Lemma J0_coef_bound (i : nat) : Rabs (J0_coef i) * INR (fact i) <= 1.
Proof.
  destruct (Nat.Even_or_Odd i) as [[j ->]|[j ->]].
  - rewrite J0_coef_even, Rabs_div, pow_1_abs, Rabs_right.
    + pose proof (fact_double_le j).
      assert (0 < 2 ^ (2 * j) * INR (fact j) ^ 2)
        by (apply Rmult_lt_0_compat; [apply pow_lt; lra | apply pow_lt, INR_fact_lt_0]).
      unfold Rdiv. rewrite Rmult_1_l, Rmult_comm.
      apply (Rmult_le_reg_r (2 ^ (2 * j) * INR (fact j) ^ 2)); [lra|].
      rewrite Rmult_assoc, Rinv_l; lra.
    + apply Rle_ge, Rmult_le_pos; [apply pow_le; lra | apply pow2_ge_0].
    + apply Rgt_not_eq, Rmult_lt_0_compat; [apply pow_lt; lra | apply pow_lt, INR_fact_lt_0].
  - rewrite J0_coef_odd, Rabs_R0. lra.
Qed.

Lemma is_series_J0 (x : R) :
  is_series (fun k => (-1) ^ k * (x / 2) ^ (2 * k) / INR (fact k) ^ 2) (J0 x).
Proof.
  apply Series_correct, ex_series_Rabs.
  apply (@ex_series_le R_AbsRing R_CompleteNormedModule _
           (fun k => (x ^ 2 / 4) ^ k / INR (fact k))); [|exists (exp (x ^ 2 / 4)); apply is_series_exp].
  intros k. change (Rabs (Rabs ((-1) ^ k * (x / 2) ^ (2 * k) / INR (fact k) ^ 2))
                    <= (x ^ 2 / 4) ^ k / INR (fact k)).
  replace ((x / 2) ^ (2 * k)) with ((x ^ 2 / 4) ^ k) by (rewrite pow_mult; f_equal; field).
  pose proof (INR_fact_lt_0 k). pose proof (pow2_ge_0 x).
  assert (1 <= INR (fact k)) by (apply (le_INR 1), lt_O_fact).
  assert (0 <= (x ^ 2 / 4) ^ k) by (apply pow_le; lra).
  rewrite Rabs_Rabsolu, Rabs_div, Rabs_mult, pow_1_abs, Rabs_right, Rabs_right;
    [| apply Rle_ge, pow2_ge_0 | lra | apply pow_nonzero; lra].
  unfold Rdiv. rewrite Rmult_1_l. apply Rmult_le_compat_l; [lra|].
  apply Rinv_le_contravar; [lra|]. nra.
Qed.

Lemma is_series_J0_coef (x : R) : is_series (fun i => J0_coef i * x ^ i) (J0 x).
Proof.
  assert (H : is_pseries J0_coef x (J0 x + x * 0)).
  { apply is_pseries_odd_even; unfold is_pseries.
    - eapply is_series_ext; [|apply is_series_J0].
      intros n. rewrite pow_n_pow.
      change ((-1) ^ n * (x / 2) ^ (2 * n) / INR (fact n) ^ 2 = (x ^ 2) ^ n * J0_coef (2 * n)).
      rewrite J0_coef_even, (pow_mult (x / 2)), (pow_mult 2).
      replace ((x / 2) ^ 2) with (x ^ 2 * / 2 ^ 2) by field.
      rewrite Rpow_mult_distr, pow_inv. pose proof (INR_fact_lt_0 n).
      field. split; [lra | apply pow_nonzero; lra].
    - pose proof (is_series_scal 0 _ _ (is_series_exp 0)) as H0.
      unfold scal in H0; simpl in H0; unfold mult in H0; simpl in H0.
      rewrite Rmult_0_l in H0. eapply is_series_ext; [|exact H0].
      intros n. rewrite J0_coef_odd, Rmult_0_l. unfold scal; simpl; unfold mult; simpl. ring. }
  rewrite Rmult_0_r, Rplus_0_r in H.
  eapply is_series_ext; [|exact H].
  intros n. rewrite pow_n_pow. apply Rmult_comm.
Qed.

Lemma J0_opp (x : R) : J0 (- x) = J0 x.
Proof.
  unfold J0. apply Series_ext. intros n. rewrite !pow_mult.
  replace ((- x / 2) ^ 2) with ((x / 2) ^ 2) by field. reflexivity.
Qed.

(** * The coefficients of J0(x) exp(-xy) *)

Definition exp_neg_coef (y : R) (m : nat) : R := (-y) ^ m / INR (fact m).
Lemma decay_near_P e : c * V e < r -> forall n,
  dist_orbit (iter_map g n (padd P e)) P Q ^ 2 <= c * l ^ Nat.div2 n * V e.
Proof.
  intros he n.
  pose proof (pow_le l); pose proof (V_ge0 e).
  destruct (Nat.Even_or_Odd n) as [[k ->] | [k ->]].
  - rewrite Nat.div2_double, iter_even_near_P by exact he.
    pose proof (dist_orbit_padd_l_sq P Q (Nat.iter k M e)).
    pose proof (V_bounds (Nat.iter k M e)); pose proof (V_iter_M k e).
    assert (l ^ k * V e <= c * l ^ k * V e) by (specialize (H k); nra).
    lra.
  - rewrite Nat.add_1_r, Nat.div2_succ_double, iter_odd_near_P by exact he.
    pose proof (dist_orbit_padd_r_sq P Q (AL (Nat.iter k M e))).
    pose proof (AL_bounded (Nat.iter k M e)).
    pose proof (V_bounds (Nat.iter k M e)); pose proof (V_iter_M k e).
    assert (c * sqnorm (Nat.iter k M e) <= c * (l ^ k * V e)) by (apply Rmult_le_compat_l; lra).
    lra.
Qed.

Lemma decay_rate_ge : c * K <= c * c * K / l.
Proof.
  pose proof K_ge1.
  apply (Rmult_le_reg_r l); [lra |].
  replace (c * c * K / l * l) with (c * c * K) by (field; lra).
  assert (0 <= c * K) by nra.
  assert (c * K * l <= c * K) by nra.
  assert (c * K <= c * K * c) by nra.
  lra.
Qed.

Lemma decay_near_Q e : c * c * K * sqnorm e < r -> forall n,
  dist_orbit (iter_map g n (padd Q e)) P Q ^ 2 <= c * c * K / l * l ^ Nat.div2 n * sqnorm e.
Proof.
  intros he n.
  pose proof (sqnorm_ge0 e); pose proof K_ge1; pose proof decay_rate_ge.
  assert (hcK : 1 <= c * c * K) by (assert (1 <= c * c) by nra; nra).
  assert (sqnorm e <= c * c * K * sqnorm e)
    by (rewrite <- (Rmult_1_l (sqnorm e)) at 1; apply Rmult_le_compat_r; lra).
  destruct n as [|m].
  - change (iter_map g 0 (padd Q e)) with (padd Q e); simpl Nat.div2; rewrite pow_O, Rmult_1_r.
    apply (Rle_trans _ _ _ (dist_orbit_padd_r_sq P Q e)).
    rewrite <- (Rmult_1_l (sqnorm e)) at 1; apply Rmult_le_compat_r; nra.
  - unfold iter_map; rewrite Nat.iter_succ_r; fold (iter_map g m (g (padd Q e))).
    rewrite g_near_Q by lra.
    assert (hVAR : V (AR e) <= c * K * sqnorm e).
    { pose proof (V_bounds (AR e)); pose proof (AR_bounded e); nra. }
    pose proof (V_ge0 (AR e)).
    assert (hm := decay_near_P (AR e) ltac:(nra) m).
    assert (hpow : l * l ^ Nat.div2 m <= l ^ Nat.div2 (S m)).
    { change (l * l ^ Nat.div2 m) with (l ^ S (Nat.div2 m)).
      apply pow_le_pow_of_le_1; [lra | apply div2_succ_le]. }
    pose proof (pow_le l (Nat.div2 m)).
    apply (Rle_trans _ _ _ hm).
    apply (Rmult_le_reg_l l); [lra |].
    replace (l * (c * c * K / l * l ^ Nat.div2 (S m) * sqnorm e))
      with (c * c * K * sqnorm e * l ^ Nat.div2 (S m)) by (field; lra).
    replace (l * (c * l ^ Nat.div2 m * V (AR e)))
      with (c * V (AR e) * (l * l ^ Nat.div2 m)) by ring.
    assert (c * V (AR e) <= c * c * K * sqnorm e).
    { replace (c * c * K * sqnorm e) with (c * (c * K * sqnorm e)) by ring.
      apply Rmult_le_compat_l; lra. }
    apply (Rle_trans _ (c * V (AR e) * l ^ Nat.div2 (S m))).
    + apply Rmult_le_compat_l; [nra | exact hpow].
    + apply Rmult_le_compat_r; [apply pow_le |]; lra.
Qed.
Lemma Scomp_SingCone : SingCone D v.
Proof.
pose e1 := sgnpat_of (flips [:: j]); pose e2 := sgnpat_of (flips [:: i]).
have Z1 : lval e1 y = 0 by apply: lval_flips; rewrite sum_y /flips !inE !(eqxx, neqs); ring.
have Z2 : lval e2 y = 0 by apply: lval_flips; rewrite sum_y /flips !inE !(eqxx, neqs); ring.
have n12 : e1 != e2 by apply: (@sgnpat_flips_neq _ _ i a); rewrite !inE !(eqxx, neqs).
apply/SingConeE; split=> [||k]; first by rewrite hv /param unlift_none.
  rewrite -meval_sqrv -meval_comp_squares hD meval_Psigned.
  by apply/eqP/prodf_eq0; exists e1 => //; apply/eqP.
have [yk0|ykn0] := eqVneq (y k) 0; last first.
  have := meval_mderiv_comp_squares D y k; rewrite hD (meval_mderiv_Psigned_eq0 k n12 Z1 Z2).
  by rewrite meval_sqrv => /esym/eqP; rewrite !mulf_eq0 (negbTE ykn0) pnatr_eq0 orbF => /eqP.
(* at a zero coordinate of [y] a third factor vanishes *)
suff [e3 [Z3 n13 n23]] : exists e3, [/\ lval e3 y = 0, e1 != e3 & e2 != e3].
  have := meval_mderiv2_comp_squares D yk0; rewrite hD meval_sqrv.
  rewrite (meval_mderiv2_Psigned_eq0 k n12 n13 n23 Z1 Z2 Z3) => /esym/eqP.
  by rewrite mulf_eq0 pnatr_eq0 => /eqP.
move: k yk0; apply: ord5_cases; rewrite /y !pvecE => h0.
- exists (sgnpat_of (flips [::])); split.
  + by apply: lval_flips; rewrite sum_y /flips !in_nil h0; ring.
  + by apply: (@sgnpat_flips_neq _ _ j a); rewrite !inE !(eqxx, neqs).
  + by apply: (@sgnpat_flips_neq _ _ i a); rewrite !inE !(eqxx, neqs).
- exists (sgnpat_of (flips [::])); split.
  + by apply: lval_flips; rewrite sum_y /flips !in_nil h0; ring.
  + by apply: (@sgnpat_flips_neq _ _ j a); rewrite !inE !(eqxx, neqs).
  + by apply: (@sgnpat_flips_neq _ _ i a); rewrite !inE !(eqxx, neqs).
- exists (sgnpat_of (flips [:: j; a])); split.
  + by apply: lval_flips; rewrite sum_y /flips !inE !(eqxx, neqs) h0 /=; ring.
  + by apply: (@sgnpat_flips_neq _ _ a b); rewrite !inE !(eqxx, neqs).
  + by apply: (@sgnpat_flips_neq _ _ i b); rewrite !inE !(eqxx, neqs).
- exists (sgnpat_of (flips [:: j; b])); split.
  + by apply: lval_flips; rewrite sum_y /flips !inE !(eqxx, neqs) h0 /=; ring.
  + by apply: (@sgnpat_flips_neq _ _ b a); rewrite !inE !(eqxx, neqs).
  + by apply: (@sgnpat_flips_neq _ _ i a); rewrite !inE !(eqxx, neqs).
- exists (sgnpat_of (flips [:: j; c])); split.
  + apply: lval_flips; rewrite sum_y /flips !inE !(eqxx, neqs) /=.
    have -> : s = - t by apply/eqP; rewrite -addr_eq0 -oppr_eq0 h0.
    by ring.
  + by apply: (@sgnpat_flips_neq _ _ c a); rewrite !inE !(eqxx, neqs).
  + by apply: (@sgnpat_flips_neq _ _ i a); rewrite !inE !(eqxx, neqs).
Qed.

End ComponentToSingular.
End Complement.

Lemma Scomp_of_over_comp (v : pt6) y : v ord0 = 0 -> (forall k, xc v k = y k ^+ 2) ->
  over_comp y -> exists i j : 'I_5, (i < j)%N /\ Scomp i j v.
Proof.
move=> v0 hx [i [j [z [lt hz hzij hs]]]]; have hij : i != j by rewrite neq_ltn lt.
exists i, j; split=> //; split=> //; split; first by rewrite !hx -!hz.
move: hs; rewrite Scomp_quadE // sum_rest // !hx -!hz => /eqP; rewrite addrC addr_eq0 => /eqP ->.
by ring.
Qed.

Definition Scomp_quad (i j : 'I_5) : {mpoly algC[6]} :=
  \sum_(t < 5 | (t != i) && (t != j)) 'X_(lift ord0 t) ^+ 2
  - 2 * \sum_(s < 5 | (s != i) && (s != j))
          \sum_(t < 5 | [&& (s < t)%N, t != i & t != j]) 'X_(lift ord0 s) * 'X_(lift ord0 t).

Lemma meval_Scomp_quad i j v : (Scomp_quad i j).@[v] =
  \sum_(t < 5 | (t != i) && (t != j)) xc v t ^+ 2
  - 2 * \sum_(s < 5 | (s != i) && (s != j))
          \sum_(t < 5 | [&& (s < t)%N, t != i & t != j]) xc v s * xc v t.
Proof.
rewrite /Scomp_quad rmorphB rmorphM /= rmorph_nat !rmorph_sum /=; congr (_ - _ * _).
  by apply: eq_bigr => t _; rewrite rmorphXn /= mevalXU.
apply: eq_bigr => s _; rewrite rmorph_sum /=; apply: eq_bigr => t _.
by rewrite rmorphM /= !mevalXU.
Qed.

Lemma Scomp_zclosed i j : zclosed (Scomp i j).
Proof.
exists (fun p => [\/ p = 'X_ord0, p = 'X_(lift ord0 i) - 'X_(lift ord0 j) | p = Scomp_quad i j]).
move=> v; split=> [[v0 [xij hQ]] p [->|->|->]|h].
- by rewrite mevalXU.
- by rewrite mevalB !mevalXU; apply/eqP; rewrite subr_eq0; apply/eqP.
- by rewrite meval_Scomp_quad.
split; first by rewrite -(mevalXU v ord0); apply: h; apply: Or31.
split; last by rewrite -meval_Scomp_quad; apply: h; apply: Or33.
apply/eqP; rewrite -subr_eq0; apply/eqP.
by rewrite /xc -!(mevalXU v) -mevalB; apply: h; apply: Or32.
Qed.

Lemma horner_mmap (R : comNzRingType) (n : nat) (w : 'I_n -> {poly R}) p l :
  (mmap (@polyC R) w p).[l] = p.@[fun k => (w k).[l]].
Proof.
rewrite /mmap mevalE horner_sum; apply: eq_bigr => m _.
by rewrite hornerCM horner_prod; congr (_ * _); apply: eq_bigr => k _; rewrite horner_exp.
Qed.

(* Restrict to the line through [u1] and [u2]: a nonzero univariate polynomial
   over an algebraically closed field has a non-root. *)
Lemma meval_neq0_common (F : closedFieldType) (m : nat) (q1 q2 : {mpoly F[m]}) u1 u2 :
  q1.@[u1] != 0 -> q2.@[u2] != 0 -> exists u, q1.@[u] != 0 /\ q2.@[u] != 0.
Proof.
move=> h1 h2; pose w k := (u1 k)%:P + (u2 k - u1 k) *: 'X.
pose line q := mmap (@polyC F) w q.
have line_val q l : (line q).[l] = q.@[fun k => u1 k + (u2 k - u1 k) * l].
  by rewrite horner_mmap; apply: meval_eq => k; rewrite hornerD hornerC hornerZ hornerX.
have e1 : (line q1).[0] = q1.@[u1] by rewrite line_val; apply: meval_eq => k; rewrite mulr0 addr0.
have e2 : (line q2).[1] = q2.@[u2] by rewrite line_val; apply: meval_eq => k; rewrite mulr1 subrKC.
have nz1 : line q1 != 0 by apply: contraNneq h1 => e; rewrite -e1 e horner0.
have nz2 : line q2 != 0 by apply: contraNneq h2 => e; rewrite -e2 e horner0.
move: (mulf_neq0 nz1 nz2).
case/closed_nonrootP => l; rewrite /root hornerM mulf_eq0 negb_or !line_val => /andP[n1 n2].
by exists (fun k => u1 k + (u2 k - u1 k) * l).
Qed.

#### WORK ITEM
When the line containing "replace ((x / 2) ^ 2)" is reached, include it and stop. Until then, output each line of the entries exactly as given, starting from the first.

#### REPLY TO THE TASK
Lemma J0_coef_bound (i : nat) : Rabs (J0_coef i) * INR (fact i) <= 1.
Proof.
  destruct (Nat.Even_or_Odd i) as [[j ->]|[j ->]].
  - rewrite J0_coef_even, Rabs_div, pow_1_abs, Rabs_right.
    + pose proof (fact_double_le j).
      assert (0 < 2 ^ (2 * j) * INR (fact j) ^ 2)
        by (apply Rmult_lt_0_compat; [apply pow_lt; lra | apply pow_lt, INR_fact_lt_0]).
      unfold Rdiv. rewrite Rmult_1_l, Rmult_comm.
      apply (Rmult_le_reg_r (2 ^ (2 * j) * INR (fact j) ^ 2)); [lra|].
      rewrite Rmult_assoc, Rinv_l; lra.
    + apply Rle_ge, Rmult_le_pos; [apply pow_le; lra | apply pow2_ge_0].
    + apply Rgt_not_eq, Rmult_lt_0_compat; [apply pow_lt; lra | apply pow_lt, INR_fact_lt_0].
  - rewrite J0_coef_odd, Rabs_R0. lra.
Qed.

Lemma is_series_J0 (x : R) :
  is_series (fun k => (-1) ^ k * (x / 2) ^ (2 * k) / INR (fact k) ^ 2) (J0 x).
Proof.
  apply Series_correct, ex_series_Rabs.
  apply (@ex_series_le R_AbsRing R_CompleteNormedModule _
           (fun k => (x ^ 2 / 4) ^ k / INR (fact k))); [|exists (exp (x ^ 2 / 4)); apply is_series_exp].
  intros k. change (Rabs (Rabs ((-1) ^ k * (x / 2) ^ (2 * k) / INR (fact k) ^ 2))
                    <= (x ^ 2 / 4) ^ k / INR (fact k)).
  replace ((x / 2) ^ (2 * k)) with ((x ^ 2 / 4) ^ k) by (rewrite pow_mult; f_equal; field).
  pose proof (INR_fact_lt_0 k). pose proof (pow2_ge_0 x).
  assert (1 <= INR (fact k)) by (apply (le_INR 1), lt_O_fact).
  assert (0 <= (x ^ 2 / 4) ^ k) by (apply pow_le; lra).
  rewrite Rabs_Rabsolu, Rabs_div, Rabs_mult, pow_1_abs, Rabs_right, Rabs_right;
    [| apply Rle_ge, pow2_ge_0 | lra | apply pow_nonzero; lra].
  unfold Rdiv. rewrite Rmult_1_l. apply Rmult_le_compat_l; [lra|].
  apply Rinv_le_contravar; [lra|]. nra.
Qed.

Lemma is_series_J0_coef (x : R) : is_series (fun i => J0_coef i * x ^ i) (J0 x).
Proof.
  assert (H : is_pseries J0_coef x (J0 x + x * 0)).
  { apply is_pseries_odd_even; unfold is_pseries.
    - eapply is_series_ext; [|apply is_series_J0].
      intros n. rewrite pow_n_pow.
      change ((-1) ^ n * (x / 2) ^ (2 * n) / INR (fact n) ^ 2 = (x ^ 2) ^ n * J0_coef (2 * n)).
      rewrite J0_coef_even, (pow_mult (x / 2)), (pow_mult 2).
      replace ((x / 2) ^ 2) with (x ^ 2 * / 2 ^ 2) by field.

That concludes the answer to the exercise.